I wonder who she is. Because she's a lucky girl...she's gotta have something so special to ruin what we had. To be able to catch his eye.... sometimes I wish I could know the real reason why he left, but it wouldn't make me feel better at all, just worse... so much worse...

Well, LFADers, this is goodbye. This is my last post, the final chapter to a romance never meant to be. The popular jock and the Theatre nerd... The Prince charming who was with the wrong princess.

"Summer romances end for all kinds of reasons. But when all is said and done, they have one thing in common: They are shooting stars-a spectacular moment of light in the heavens, a fleeting glimpse of eternity. And in a flash, they're gone."
-The Notebook

Monday, January 2, 2012

Oh, I believe in yesterday

Days Till I leave Pacifica, CA to go to Saint Petersburg, FL: 26 Days

I just realized how I haven't written in nearly a month! I haven't fallen off the face of the Earth, I promise!

With Finals, and my first two weeks of winter break done, I thought I'd fill all of you in on the interesting world of being back home. I first saw Brennen the day after my flight home for a quick meal at a local restaurant we used to frequent. I had been dreading this day for a while, not sure how I was going to handle facing him for the first time since the incident (which I remind you, was nearly 3 months ago, because it was a few days after our last visit). To an extent, I was right, because when I first saw him, hurt came crashing over me, and it did practically ruin the night. I was shy, and not sure how to handle my emotions. That night I went running to my mother for advice, and she told me after a very long conversation about the situation that it was obvious that I still very much loved him, and that I shouldn't let the past ruin my present and future. I took her advice, and it was smooth sailing from there.

On our 7th month we exchange the rings in the spot (like I had said in my last blog) where we had first discussed marriage. His was a little too big, so he's ordering a smaller one (it's cheaper to buy a new ring than to resize that thing!) but he still wears it all the time, and as do I. 

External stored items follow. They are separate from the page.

Definition kernel_pair : Category.
Proof.
  refine {| ob := kp_ob; mor := kp_mor; dom := kp_dom; cod := kp_cod;
            idm := kp_idm; cmp := kp_cmp |}.
  - intros x. apply sig_fun_eq. intros i. apply dom_idm.
  - intros x. apply sig_fun_eq. intros i. apply cod_idm.
  - intros f g e. apply sig_fun_eq. intros i. simpl.
    rewrite kp_cmp_val by exact (kp_composable e). apply dom_cmp, (kp_composable e).
  - intros f g e. apply sig_fun_eq. intros i. simpl.
    rewrite kp_cmp_val by exact (kp_composable e). apply cod_cmp, (kp_composable e).
  - intros f. apply sig_fun_eq. intros i.
    rewrite kp_cmp_val by (intros j; apply cod_idm). apply cmp_id_r.
  - intros f. apply sig_fun_eq. intros i.
    rewrite kp_cmp_val by (intros j; symmetry; apply dom_idm). apply cmp_id_l.
  - intros f g h e1 e2.
    pose proof (kp_composable e1) as c1. pose proof (kp_composable e2) as c2.
    assert (c3 : forall j, cod (proj1_sig (kp_cmp g f) j) = dom (proj1_sig h j)).
    { intros j. rewrite kp_cmp_val, cod_cmp by auto. apply c2. }
    assert (c4 : forall j, cod (proj1_sig f j) = dom (proj1_sig (kp_cmp h g) j)).
    { intros j. rewrite kp_cmp_val, dom_cmp by auto. apply c1. }
    apply sig_fun_eq. intros i.
    rewrite (kp_cmp_val _ _ c3), (kp_cmp_val _ _ c4),
            (kp_cmp_val _ _ c1), (kp_cmp_val _ _ c2).
    apply cmp_assoc; auto.
Defined.

Definition kp_proj (i : bool) : Functor kernel_pair A.
Proof.
  refine {| fob := fun x : ob kernel_pair => proj1_sig x i;
            fmor := fun m : mor kernel_pair => proj1_sig m i |}; try reflexivity.
  intros f g e. simpl. rewrite kp_cmp_val by exact (kp_composable e). reflexivity.
Defined.

End KernelPair.
(* Let $\mathcal H$ be a family of graphs. The following are equivalent: (i) there is a constant $c=c(\mathcal H)$ such that every connected $\mathcal H$-free graph $G$ has fewer than $c$ vertices of degree at least $2$; (ii) there is a positive integer $n$ such that $\mathcal H\le \{K_n,\ P_n,\ K_{1,n}^*,\ K_{2,n},\ K_2+nK_1,\ K_1+nK_2\}$.
   Context: All graphs are finite, simple, undirected. For graphs $H_1,H_2$, write $H_1\prec H_2$ if $H_2$ contains an induced subgraph isomorphic to $H_1$. A graph $G$ is $\mathcal H$-free if no $H\in\mathcal H$ satisfies $H\prec G$. For families $\mathcal H_1,\mathcal H_2$, write $\mathcal H_1\le\mathcal H_2$ if for every $H_2\in\mathcal H_2$ there is $H_1\in\mathcal H_1$ with $H_1\prec H_2$. $K_n$, $E_n$, $P_n$ are the complete graph, edgeless graph, and path on $n$ vertices; $K_{s,t}$ is the complete bipartite graph; $nG$ is the disjoint union of $n$ copies of $G$; $G_1+G_2$ is the join (disjoint union plus all edges between $V(G_1)$ and $V(G_2)$). $K_{1,n}^*$ is the graph obtained from the star $K_{1,n}$ by attaching a new pendant vertex to each leaf. *)

From mathcomp Require Import all_boot.
Set Implicit Arguments. Unset Strict Implicit. Unset Printing Implicit Defensive.

Record graph := Graph {
  gn : nat;
  gadj : rel 'I_gn;
  gadj_sym : symmetric gadj;
  gadj_irr : irreflexive gadj }.

Definition mk_adj (n : nat) (f : nat -> nat -> bool) : rel 'I_n :=
  fun i j => (i != j) && (f i j || f j i).

Lemma mk_adj_sym n f : symmetric (@mk_adj n f).
Proof. by move=> i j; rewrite /mk_adj eq_sym orbC. Qed.

Lemma mk_adj_irr n f : irreflexive (@mk_adj n f).
Proof. by move=> i; rewrite /mk_adj eqxx. Qed.

Definition mkgraph (n : nat) (f : nat -> nat -> bool) : graph :=
  @Graph n (@mk_adj n f) (@mk_adj_sym n f) (@mk_adj_irr n f).
Lemma size_skew_cells : size skew_cells = (sumn nu - sumn lam)%N.
Proof.
rewrite size_allpairs_dep (eq_map (fun i => size_iota _ _)) sumnE big_map big_enum /=.
case/andP: nu_box => nu_size _.
have lam_size := leq_trans (size_part_sub lam_part lam_nu) nu_size.
by rewrite sumnB // (sumn_nth nu_size) (sumn_nth lam_size).
Qed.

Lemma outside_mx_sub_span mu : part_sub lam mu -> part_sub mu nu ->
  outside_mx mu - outside_mx lam \in <<skew_cells>>%VS.
Proof.
move=> lam_mu mu_nu; rewrite [X in X \in _]matrix_sum_delta.
apply: memv_suml => i _; apply: memv_suml => j _; rewrite !mxE.
have [lt_j | le_j] := ltnP j (nth 0 lam i).
  by rewrite leqNgt (leq_trans lt_j (lam_mu i)) subrr scale0r mem0v.
have [le_mu | lt_mu] := leqP (nth 0 mu i) j; first by rewrite subrr scale0r mem0v.
apply/memvZ/memv_span/allpairsPdep; exists i, (val j); split; first exact: mem_enum.
  by rewrite mem_iota le_j subnKC ?(leq_trans lt_mu (mu_nu i)).
by rewrite inord_val.
Qed.

Lemma skew_corner_sum_span x : PASM_skew R m.+1 n.+1 lam nu x ->
  corner_sum x - outside_mx lam \in <<skew_cells>>%VS.
Proof.
move=> [k [p [w [skew_p [_ [w_sum1 ->]]]]]].
rewrite linear_sum -[outside_mx lam]scale1r -w_sum1 scaler_suml -sumrB.
apply: memv_suml => i _; rewrite linearZ /= -scalerBr; apply: memvZ.
have [mu [mu_part [lam_mu [mu_nu ->]]]] := skew_p i.
by rewrite corner_sum_Mmu //; apply: outside_mx_sub_span.
Qed.

Lemma skew_aff_indep_size s : (forall x, x \in s -> PASM_skew R m.+1 n.+1 lam nu x) ->
  aff_indep s -> (size s <= (sumn nu - sumn lam).+1)%N.
Proof.
case: s => [//|x0 s] skew_s /=; rewrite -free_map_corner_sum ltnS => /eqP free_s.
have span_s : (<<map corner_sum [seq x - x0 | x <- s]>> <= <<skew_cells>>)%VS.
  apply/span_subvP => _ /mapP [_ /mapP [x x_s ->] ->].
  have -> : corner_sum (x - x0) =
      (corner_sum x - outside_mx lam) - (corner_sum x0 - outside_mx lam).
    by rewrite linearB opprB addrA subrK.
  by apply: memvB; apply/skew_corner_sum_span/skew_s; rewrite inE ?eqxx ?x_s ?orbT.
by have := leq_trans (dimvS span_s) (dim_span _); rewrite free_s !size_map size_skew_cells.
Qed.
Lemma L_defined_of_H_defined psi k A n : bounded_measure psi -> 0 < k ->
  closed_class k A -> H_defined psi k A n -> L_defined psi k A n.
Proof.
move=> psi_b k_gt0 clA /finite_natsetP[B le_B]; apply/finite_natsetP.
exists (k ^ B) => m [T [AT [[_ ->]//|[rT [U [U_uniq [U_irr <-]]] _]]]].
have [U_cover _] := U_irr.
pose T' := opJ (cover_indices T U) T.
have AT' : A T' := closed_class_opJ clA AT rT (decset_cover_indices T U).
have rT' : rows T' <> [::] by rewrite /T' /=; case: (rows T) rT.
have T'G := is_tree_cover_forest rT U_cover.
have [a T'a] := is_psi_exists psi T'G.
have [D0 T'D0] := det_tree_of_tree k_gt0 (clA.1 T' AT') T'G.
have [d T'd] := is_psi_exists psi T'D0.
have le_dB : d <= B.
  apply: le_B; exists T'; split=> //; split=> //; exists a; split=> //.
  exact: leq_trans (is_psi_le_tree T'a T'G) (tree_psi_cover_forest U_cover).
have [D T'D D_d] := is_psi_witness T'd rT'; rewrite -D_d in le_dB.
have [D_ok _ _ _] := T'D.
apply: leq_trans (size_irr_cover_le_paths U_uniq U_irr T'D) _.
exact: leq_trans (size_tree_paths_det psi_b k_gt0 D_ok) (leq_pexp2l k_gt0 le_dB).
Qed.

Theorem theorem1 (psi : seq nat -> nat) (k : nat) (A : table -> Prop) :
  bounded_measure psi -> 2 <= k -> closed_class k A -> nontrivial A ->
  (forall n, H_defined psi k A n) <-> (forall n, L_defined psi k A n).
Proof.
move=> psi_b k_ge2 clA _; have k_gt0 : 0 < k by apply: leq_trans k_ge2.
split=> defined n.
  exact: L_defined_of_H_defined psi_b k_gt0 clA (defined n).
exact: H_defined_of_L_defined psi_b k_gt0 clA (defined n).
Qed.
(* Let $n>2k$, $k\ge t+3$, and let $\mathcal F\subseteq\binom{[n]}{k}$ be a maximal $t$-intersecting family with $\tau_t(\mathcal F)=t+2$ and $\tau_t(\mathcal T_t(\mathcal F))=t+1$. Suppose there exist $U_0\in\mathcal U_t(\mathcal F)$ and $F_0\in\mathcal F$ with $|U_0\cap F_0|=t-1$ such that $\mathcal T_t(\mathcal F)\subseteq\binom{U_0\cup F_0}{t+2}$. Then at least one of the following holds: (i) $|\mathcal T_t(\mathcal F)|<\max\left\{(k-t)(k-t+1),\ (t+2)(k-t)+1,\ \binom{t+4}{2}\right\}$; (ii) there exist $M\in\binom{[n]}{k+2}$ and $W\in\binom{M}{t+2}$ such that $\mathcal T_t(\mathcal F)=\left\{T\in\binom{M}{t+2}: |T\cap W|\ge t+1\right\}$.
   Context: A family is $t$-intersecting if any two members meet in at least $t$ elements. A $t$-cover of a family $\mathcal G$ of subsets of $[n]$ is a set $S\subseteq[n]$ with $|S\cap G|\ge t$ for all $G\in\mathcal G$; $\tau_t(\mathcal G)$ is the minimum size of a $t$-cover, and $\mathcal T_t(\mathcal G)$ is the set of all $t$-covers of $\mathcal G$ of size $\tau_t(\mathcal G)$. $\mathcal U_t(\mathcal F)=\mathcal T_t(\mathcal T_t(\mathcal F))$ is the family of all minimum-size $t$-covers of $\mathcal T_t(\mathcal F)$. A $t$-intersecting $\mathcal F\subseteq\binom{[n]}{k}$ is maximal if no $t$-intersecting subfamily of $\binom{[n]}{k}$ properly contains it. *)

From mathcomp Require Import all_boot.
Set Implicit Arguments. Unset Strict Implicit. Unset Printing Implicit Defensive.

(* Ground set [n] is modelled by 'I_n; families are {set {set 'I_n}}. *)
Section Defs.
Variable n : nat.
Local Notation fam := {set {set 'I_n}}.

Definition ksets (X : {set 'I_n}) (k : nat) : fam :=
  [set A : {set 'I_n} | (A \subset X) && (#|A| == k)].

Definition t_intersecting (t : nat) (F : fam) : Prop :=
  forall A B, A \in F -> B \in F -> t <= #|A :&: B|.

Definition maximal_t_intersecting (t k : nat) (F : fam) : Prop :=
  [/\ F \subset ksets setT k, t_intersecting t F &
      forall G : fam, G \subset ksets setT k -> t_intersecting t G ->
        F \subset G -> G = F].

Definition is_tcover (t : nat) (G : fam) (S : {set 'I_n}) : bool :=
  [forall A in G, t <= #|S :&: A|].

(* tau_t(G): minimum size of a t-cover (n.+1 if no t-cover exists) *)
Definition tau (t : nat) (G : fam) : nat :=
  \big[minn/n.+1]_(S : {set 'I_n} | is_tcover t G S) #|S|.

Definition Tt (t : nat) (G : fam) : fam :=
  [set S : {set 'I_n} | is_tcover t G S & #|S| == tau t G].

Definition Ut (t : nat) (F : fam) : fam := Tt t (Tt t F).
End Defs.

From mathcomp Require Import all_boot all_order zify.
Import Order.TTheory.
Set Implicit Arguments. Unset Strict Implicit. Unset Printing Implicit Defensive.

(* Let U := U0 and M := U0 :|: F0, a (k+2)-set containing every member of
   T := T_t(F).  Maximality of F makes T t-intersecting.  A member of T
   either contains U (at most |M \ U| = k-t+1 of these) or is "thin":
   t points of U plus a tail pair in M \ U.  Thin members with
   different bases have meeting tails, and bases do vary because no t-subset
   of U covers T.  If two tails are disjoint, or the tails form a triangle,
   few thin members remain and (i) holds.  Otherwise the tails form a star
   with centre c, and T lies in the family of (t+2)-subsets of M meeting
   W := c |: U in t+1 points; that family has at most (t+2)(k-t)+1 members,
   so T equals it unless (i) holds. *)

Section FinsetFacts.
Variable T : finType.
Implicit Types (A X : {set T}) (P : {set {set T}}).

Lemma cards2_memP X x : #|X| = 2 -> x \in X -> exists2 y, y != x & X = [set x; y].
Proof.
move=> /eqP/cards2P [a [b [ab ->]]]; rewrite !inE => /orP [] /eqP ->.
  by exists b; rewrite // eq_sym.
by exists a; rewrite // setUC.
Qed.

Lemma cards2_eq X x y : #|X| = 2 -> x \in X -> y \in X -> x != y -> X = [set x; y].
Proof.
move=> cX xX yX xy; apply/esym/eqP; rewrite eqEcard cX cards2 xy andbT.
by apply/subsetP => z; rewrite !inE => /orP [] /eqP ->.
Qed.

Lemma exists_subset_card A j : j <= #|A| -> exists2 X : {set T}, X \subset A & #|X| = j.
Proof.
case/card_geqP => s [us ss sA]; exists [set x in s].
  by apply/subsetP => x; rewrite inE => /sA.
by rewrite cardsE -ss; apply/card_uniqP.
Qed.

Lemma cards3 (x y z : T) : uniq [:: x; y; z] -> #|[set x; y; z]| = 3.
Proof.
rewrite /= !inE negb_or => /and3P [/andP [xy xz] yz _].
by rewrite setUC cardsU1 cards2 xy !inE negb_or eq_sym xz eq_sym yz.
Qed.

Lemma setI2_eq0 (a b c d : T) : a != c -> a != d -> b != c -> b != d ->
  [set a; b] :&: [set c; d] = set0.
Proof.
move=> ac ad bc bd; apply/setP => x; rewrite !inE.
by apply/negbTE; apply/negP => /andP [/orP [] /eqP -> /orP [] /eqP e]; rewrite e eqxx in ac ad bc bd.
Qed.
Lemma refl_theory_consistent (phi : form) :
  (forall n, ~ GLP_prv (Q (S n) phi)) -> ~ inconsistent (refl_theory phi).
Proof.
  intros HnoQ [L [HL Hbot]]. destruct (refl_theory_reflAnd phi L HL) as [L' HL'].
  apply (HnoQ (length L')).
  assert (H : GLP_prv (Imp (And Top (reflAnd L')) phi)).
  { revert Hbot. apply prv_tauto1. intros v. specialize (HL' v). simpl.
    destruct (beval v (bigAnd L)), (beval v (reflAnd L')), (beval v phi); simpl in *; auto. }
  generalize (Q_of_reflAnd phi Top L' (stable_Top 0) H). apply prv_tauto1. truth_table.
Qed.

Fixpoint forms (n : nat) : list form :=
  match n with
  | 0 => [Bot; Var 0]
  | S m =>
      forms m ++ Var (S m)
        :: map (fun p => Imp (fst p) (snd p)) (list_prod (forms m) (forms m))
        ++ flat_map (fun k => map (Box k) (forms m)) (seq 0 (S (S m)))
  end.

Lemma forms_mono (n m : nat) (x : form) : n <= m -> In x (forms n) -> In x (forms m).
Proof.
  induction 1 as [|m _ IH]; auto. intros Hx. cbn [forms]. apply in_or_app. left. auto.
Qed.

Lemma forms_exhaustive (t : form) : exists n, In t (forms n).
Proof.
  induction t as [[|n]| |t1 [n1 H1] t2 [n2 H2]|k t [n H]].
  - exists 0. simpl. auto.
  - exists (S n). cbn [forms]. apply in_or_app. right. left. reflexivity.
  - exists 0. simpl. auto.
  - exists (S (max n1 n2)). cbn [forms]. apply in_or_app. right. right. apply in_or_app. left.
    apply in_map_iff. exists (t1, t2). split; [reflexivity|]. apply in_prod.
    + apply forms_mono with n1; [lia | exact H1].
    + apply forms_mono with n2; [lia | exact H2].
  - exists (S (max n k)). cbn [forms]. apply in_or_app. right. right. apply in_or_app. right.
    apply in_flat_map. exists k. split; [apply in_seq; lia|].
    apply in_map. apply forms_mono with n; [lia | exact H].
Qed.

Definition add (X : form -> Prop) (t x : form) : Prop := X x \/ x = t.

Lemma add_bigAnd (X : form -> Prop) (t : form) (L : list form) :
  (forall x, In x L -> add X t x) ->
  exists L', (forall x, In x L' -> X x) /\
    forall v, beval v (bigAnd L') = true -> beval v t = true -> beval v (bigAnd L) = true.
Proof.
  induction L as [|y L IH]; intros HL.
  - exists []. split; [simpl; tauto | reflexivity].
  - destruct IH as [L' [HX Hv]]; [intros x Hx; apply HL; right; exact Hx|].
    destruct (HL y (or_introl eq_refl)) as [Hy| ->].
    + exists (y :: L'). split; [intros x [<-|Hx]; auto|].
      intros v. specialize (Hv v). simpl. revert Hv. bool_cases; simpl; auto.
    + exists L'. split; [exact HX|].
      intros v. specialize (Hv v). simpl. revert Hv. bool_cases; simpl; auto.
Qed.

Lemma inconsistent_add_cases (X : form -> Prop) (t : form) :
  inconsistent (add X t) -> inconsistent (add X (Neg t)) -> inconsistent X.
Proof.
  intros [L1 [H1 Hbot1]] [L2 [H2 Hbot2]].
  destruct (add_bigAnd X t L1 H1) as [L1' [HX1 Hv1]].
  destruct (add_bigAnd X (Neg t) L2 H2) as [L2' [HX2 Hv2]].
  exists (L1' ++ L2'). split.
  - intros x Hx. apply in_app_or in Hx. destruct Hx; auto.
  - revert Hbot1 Hbot2. apply prv_tauto2. intros v. specialize (Hv1 v). specialize (Hv2 v).
    simpl in *. rewrite !beval_bigAnd in *. rewrite forallb_app.
    destruct (forallb (beval v) L1'), (forallb (beval v) L2'), (beval v t),
      (forallb (beval v) L1), (forallb (beval v) L2); simpl in *; auto.
Qed.

Definition decide (X : form -> Prop) (t : form) : form -> Prop :=
  if excluded_middle_informative (inconsistent (add X t)) then add X (Neg t) else add X t.

Fixpoint stage (R : form -> Prop) (n : nat) : form -> Prop :=
  match n with 0 => R | S m => fold_left decide (forms m) (stage R m) end.
(* Let $d$ be prime, $n\ge1$, $G$ nontrivial and invertible over $\mathbb Z_d$, and let $\Lambda_1,\Lambda_2$ be $n$-qudit quantum channels. Then the convolution $\Lambda_1\boxtimes\Lambda_2$ (the channel whose Choi state is $J_{\Lambda_1}\boxtimes J_{\Lambda_2}$) is well defined and satisfies $$\Lambda_1\boxtimes\Lambda_2=\mathcal E\circ(\Lambda_1\otimes\Lambda_2)\circ\mathcal E^{-1},$$ where $\mathcal E(\cdot)=\mathrm{Tr}_B[U(\cdot)U^\dagger]$ and $\mathcal E^{-1}(\rho)=U^\dagger(\rho\otimes I_n/d^n)U$.
   Context: Fix a prime $d$. $G=\begin{pmatrix}g_{00}&g_{01}\\ g_{10}&g_{11}\end{pmatrix}$ over $\mathbb Z_d$, $\det G\not\equiv 0$, $N=(\det G)^{-1}$; nontrivial means at most one entry is $0$ mod $d$. For any $m$, the key unitary on $(\mathbb C^d)^{\otimes m}\otimes(\mathbb C^d)^{\otimes m}$ is $U|\vec i\rangle|\vec j\rangle=|Ng_{11}\vec i-Ng_{10}\vec j\rangle|-Ng_{01}\vec i+Ng_{00}\vec j\rangle$ ($\vec i,\vec j\in\mathbb Z_d^m$), and for $m$-qudit states $\rho\boxtimes\sigma=\mathrm{Tr}_B[U(\rho\otimes\sigma)U^\dagger]$. The Choi state of an $n$-qudit channel $\Lambda$ is the $2n$-qudit state $J_\Lambda=(\mathrm{id}_A\otimes\Lambda)(|\Phi\rangle\langle\Phi|)$ with $|\Phi\rangle=d^{-n/2}\sum_{\vec j\in\mathbb Z_d^n}|\vec j\rangle_A|\vec j\rangle_{A'}$, so that $\Lambda(\rho)=d^n\mathrm{Tr}_A[J_\Lambda(\rho^T\otimes I)]$. The convolution $J_{\Lambda_1}\boxtimes J_{\Lambda_2}$ is taken with $m=2n$ (the $2n$ qudits of $AA'$), and $\Lambda_1\boxtimes\Lambda_2$ is the map $\rho\mapsto d^n\mathrm{Tr}_A[(J_{\Lambda_1}\boxtimes J_{\Lambda_2})(\rho^T\otimes I)]$. In $\mathcal E$, $U$ is the key unitary with $m=n$. *)

From mathcomp Require Import all_boot all_algebra.
Set Implicit Arguments. Unset Strict Implicit. Unset Printing Implicit Defensive.
Import GRing.Theory Num.Theory.
Local Open Scope ring_scope.

Section Ops.
Variable C : numClosedFieldType.

(* Operators on the Hilbert space C^T with orthonormal basis indexed by T. *)
Definition op (T : finType) := T -> T -> C.

Definition mulop (T : finType) (X Y : op T) : op T :=
  fun i j => \sum_k X i k * Y k j.
Definition adjop (T : finType) (X : op T) : op T := fun i j => (X j i)^*.
Definition trop (T : finType) (X : op T) : C := \sum_i X i i.
Definition transpose (T : finType) (X : op T) : op T := fun i j => X j i.
Definition idop (T : finType) : op T := fun i j => (i == j)%:R.
Definition scaleop (T : finType) (a : C) (X : op T) : op T := fun i j => a * X i j.
Definition addop (T : finType) (X Y : op T) : op T := fun i j => X i j + Y i j.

Of course, we have our fair share of bumps the last few weeks as well. It all started with a conversation on how we were raised and how each of us thought the way we were raised was better. I was more the nurturing, advice-giving, and supporting, and he was more strictness, discipline, and respect. It turned into a small tiff, and all I could keep thinking was "If you think we're going to raise our children like that...". It came with the sudden realization that, we've promised to spend the rest of our lives together, so we have to start paying attention to those types of things.
And you wouldn't believe it, but that's only the first on the list. 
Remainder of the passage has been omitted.